(Casey Cep’s article appeared in the New Yorker, 7/10,17/23; Photograph by Vandamm Studio © Billy Rose Theatre Division / NYPL for Performing Arts.)
A collection of previously unpublished stories offers a portrait of the playwright as a young artist.
Williams’s early stories feature the outlines of the spinsters, sirens, hotheads, and ministers whom he later made famous.
If you ever have to lie about your age, try to do it with as much creativity and conviction as Tennessee Williams. When he was nearly twenty-eight, the playwright submitted a handful of one-act plays to a contest for writers under twenty-five. Worried that his deception would be discovered, he changed his name and mailed the submission not from St. Louis, where he lived, but from Memphis, using his grandparents’ home there as the return address. Born Thomas Lanier Williams III in Mississippi, he first considered calling himself Valentine Sevier, after an ancestor on his father’s side whose brother was the first governor of Tennessee. But he decided to instead keep his last name and change only his first.
“Mr. ‘Tennessee’ Williams got a telegram last night,” he wrote to his mother a few months later, in March, 1939, letting her know that he’d won the contest, receiving a hundred-dollar prize from the Group Theatre, in New York City. “Do not spread this around till the checque has arrived, as some of my ‘friends’ . . . might feel morally obliged to inform the Group that I am over 25.”
If Williams had any scruples of his own, he shed them with an elegant explanation. After dropping out of the University of Missouri School of Journalism, he’d spent the fall of 1932 through the spring of 1935 as a clerk at the International Shoe Company, in St. Louis. His father, a sales manager there, got him the position, which Williams described as “hard labor,” though it mostly involved dusting sample shoes in the morning and typing factory orders for the rest of the day. He took a smoke break every half hour and got paid sixty-five dollars a month. “The job was designed for insanity,” he later remembered. “It was a living death.” He therefore felt entitled to excise that period from his personal history. That’s why Tennessee was three years younger than Tom, and eligible to enter the playwriting contest that brought him to the attention of East Coast agents and West Coast directors.

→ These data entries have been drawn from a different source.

(* There exists $\beta>\frac23$ such that, with $I=(\frac23,\beta)$, the function $\widetilde{M_f}$ defined in the context satisfies $\widetilde{M_f}(r)>0$ for all $r\in I$.
   Context: For $r>\frac23$ let $u_b(r)\in(\frac65,\frac43)$ be the unique $u\in(\frac65,\frac43)$ with $2-u+2q(1-u)=0$ at $q=1+\sqrt{\frac{r+u-2}{r+0.1}}$. Set $q_{f,\pm}(r)=1\pm\sqrt{\frac{r}{r+0.1}}$, $q_{b,\pm}(r)=1\pm\sqrt{\frac{r+u_b(r)-2}{r+0.1}}$, $S(r)=(q_{f,+}-2q_{f,-})+(q_{b,+}-2q_{b,-})$ and $D_0(r)=\frac{2(2-u_b(r))^2}{(r+0.1)S(r)^2}$ (equivalently, $D_0(r)>0$ together with some $\mu_0(r)$ solves $2+\mu=\frac12\sqrt{2D(r+0.1)}(q_{f,+}-2q_{f,-})$ and $u_b+\mu=-\frac12\sqrt{2D(r+0.1)}(q_{b,+}-2q_{b,-})$). Let $\phi(\chi)=(1+e^{-\frac{\sqrt2}{2}\chi})^{-1}$, $\kappa_f(r)=\frac12-\frac{q_{f,-}(r)}{q_{f,+}(r)}$ and $$\widetilde{M_f}(r)=-q_{f,+}(r)\sqrt{\frac{r+0.1}{D_0(r)}}\int_{-\infty}^{\infty}e^{-\sqrt2\kappa_f(r)\chi}\phi'(\chi)^2d\chi+\int_{-\infty}^{\infty}e^{-\sqrt2\kappa_f(r)\chi}\phi'(\chi)\phi(\chi)d\chi .$$ *)

From Stdlib Require Import Reals Lra ClassicalEpsilon.
From Coquelicot Require Import Coquelicot.
Open Scope R_scope.

Definition c01 : R := 1 / 10.

Definition q_of (r u : R) : R := 1 + sqrt ((r + u - 2) / (r + c01)).

Definition ub_spec (r u : R) : Prop :=
  6/5 < u < 4/3 /\ 2 - u + 2 * q_of r u * (1 - u) = 0.

(* u_b(r): the unique u in (6/5,4/3) satisfying ub_spec (chosen by epsilon;
   existence and uniqueness for r > 2/3 are part of the paper's setting) *)
Definition u_b (r : R) : R := epsilon (inhabits 0) (ub_spec r).

Definition q_fp (r : R) : R := 1 + sqrt (r / (r + c01)).
Definition q_fm (r : R) : R := 1 - sqrt (r / (r + c01)).
Definition q_bp (r : R) : R := 1 + sqrt ((r + u_b r - 2) / (r + c01)).
Definition q_bm (r : R) : R := 1 - sqrt ((r + u_b r - 2) / (r + c01)).

Definition S_fun (r : R) : R := (q_fp r - 2 * q_fm r) + (q_bp r - 2 * q_bm r).

Definition D0 (r : R) : R :=
  2 * (2 - u_b r) ^ 2 / ((r + c01) * (S_fun r) ^ 2).

Definition phi (chi : R) : R := / (1 + exp (- (sqrt 2 / 2) * chi)).

Definition kappa_f (r : R) : R := 1 / 2 - q_fm r / q_fp r.

Definition int_R (f : R -> R) : R :=
  RInt_gen f (Rbar_locally m_infty) (Rbar_locally p_infty).

Definition M_f_tilde (r : R) : R :=
  - q_fp r * sqrt ((r + c01) / D0 r) *
    int_R (fun chi => exp (- sqrt 2 * kappa_f r * chi) * (Derive phi chi) ^ 2)
  + int_R (fun chi => exp (- sqrt 2 * kappa_f r * chi) * Derive phi chi * phi chi).

From Stdlib Require Import Reals.
From Coquelicot Require Import Coquelicot.
From Stdlib Require Import Lra Psatz Classical ClassicalEpsilon FunctionalExtensionality Ranalysis5.
Open Scope R_scope.
(* Let $G$ be a graph of order $n$ and maximum degree $3$. Then (i) $W^+(G,K_3)\ge n/2$, with equality if and only if $G$ is isomorphic to the disjoint union of $n/4$ copies of $K_4$; (ii) if $G$ has no connected component isomorphic to $K_4$, then $W^+(G,K_3)\ge 2n/3$, with equality if and only if $G$ contains the disjoint union of $n/3$ copies of $K_3$ as a subgraph; (iii) if $G$ has no connected component isomorphic to $K_4$ and each triangle of $G$ shares an edge with another triangle of $G$, then $W^+(G,K_3)\ge 3n/4$, with equality if and only if $G$ contains the disjoint union of $n/4$ copies of $K_4-e$ (i.e. $K_4$ minus an edge) as a subgraph.
   Context: A $K_3$-WORM coloring of a graph $G$ is an assignment of colors to the vertices of $G$ such that the three vertices of every triangle of $G$ receive exactly two distinct colors. For a $K_3$-WORM-colorable graph $G$ (every graph of maximum degree at most 3 is such), $W^+(G,K_3)$ denotes the maximum number of colors used in a $K_3$-WORM coloring of $G$. *)

From mathcomp Require Import all_boot.
Set Implicit Arguments. Unset Strict Implicit. Unset Printing Implicit Defensive.

Section Graphs.
Variable T : finType.
Variable e : rel T.

Definition simple_graph := symmetric e /\ irreflexive e.

Definition deg (x : T) : nat := #|[set y | e x y]|.

Definition max_degree3 := (forall x, deg x <= 3) /\ (exists x, deg x = 3).

Definition triangle (t : {set T}) :=
  #|t| = 3 /\ forall x y, x \in t -> y \in t -> x != y -> e x y.

Definition ncolors_on (c : T -> nat) (t : {set T}) : nat :=
  size (undup [seq c x | x <- enum t]).

Definition ncolors (c : T -> nat) : nat := ncolors_on c [set: T].

Definition K3_WORM (c : T -> nat) := forall t, triangle t -> ncolors_on c t = 2.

But all that is only a technical explanation of how Tom became Tennessee. The deeper questions about Williams’s transformation are the stuff of endless debates and dissertations, fuelled by interviews, letters, memoirs, biographies, and Williams’s own writing, including posthumous publications. Most of us don’t mind literary grave robbing, especially when it comes to authors we love, in which case we don’t mind cradle robbing, either: the boyhood diary of F. Scott Fitzgerald, the miniature books of the young Brontë sisters, the childhood newspaper of Virginia Woolf. In this spirit, New Directions is publishing a volume of the early work of Tennessee Williams, who died forty years ago. Slightly less jejune than the abovementioned efforts, this set of short stories is more like the university-era poetry written by T. S. Eliot in the notebook he titled “Inventions of the March Hare,” or Vladimir Nabokov’s blank-verse play “The Tragedy of Mister Morn,” which he wrote as a twentysomething.
“The Caterpillar Dogs and Other Early Stories” includes seven works of short fiction by Williams, culled from the seventy-six boxes of his archival materials at the University of Texas at Austin’s Harry Ransom Center. They are introduced by Tom Mitchell, an emeritus theatre professor at the University of Illinois Urbana-Champaign who previously adapted several of Williams’s stories for the stage. Written during the Great Depression, the stories are mostly from the era of Tom’s life that Tennessee erased, when he was living in what he called the City of St. Pollution, writing in the evenings after work, hopped up on black coffee and cigarettes, struggling to find a form and an audience for his art.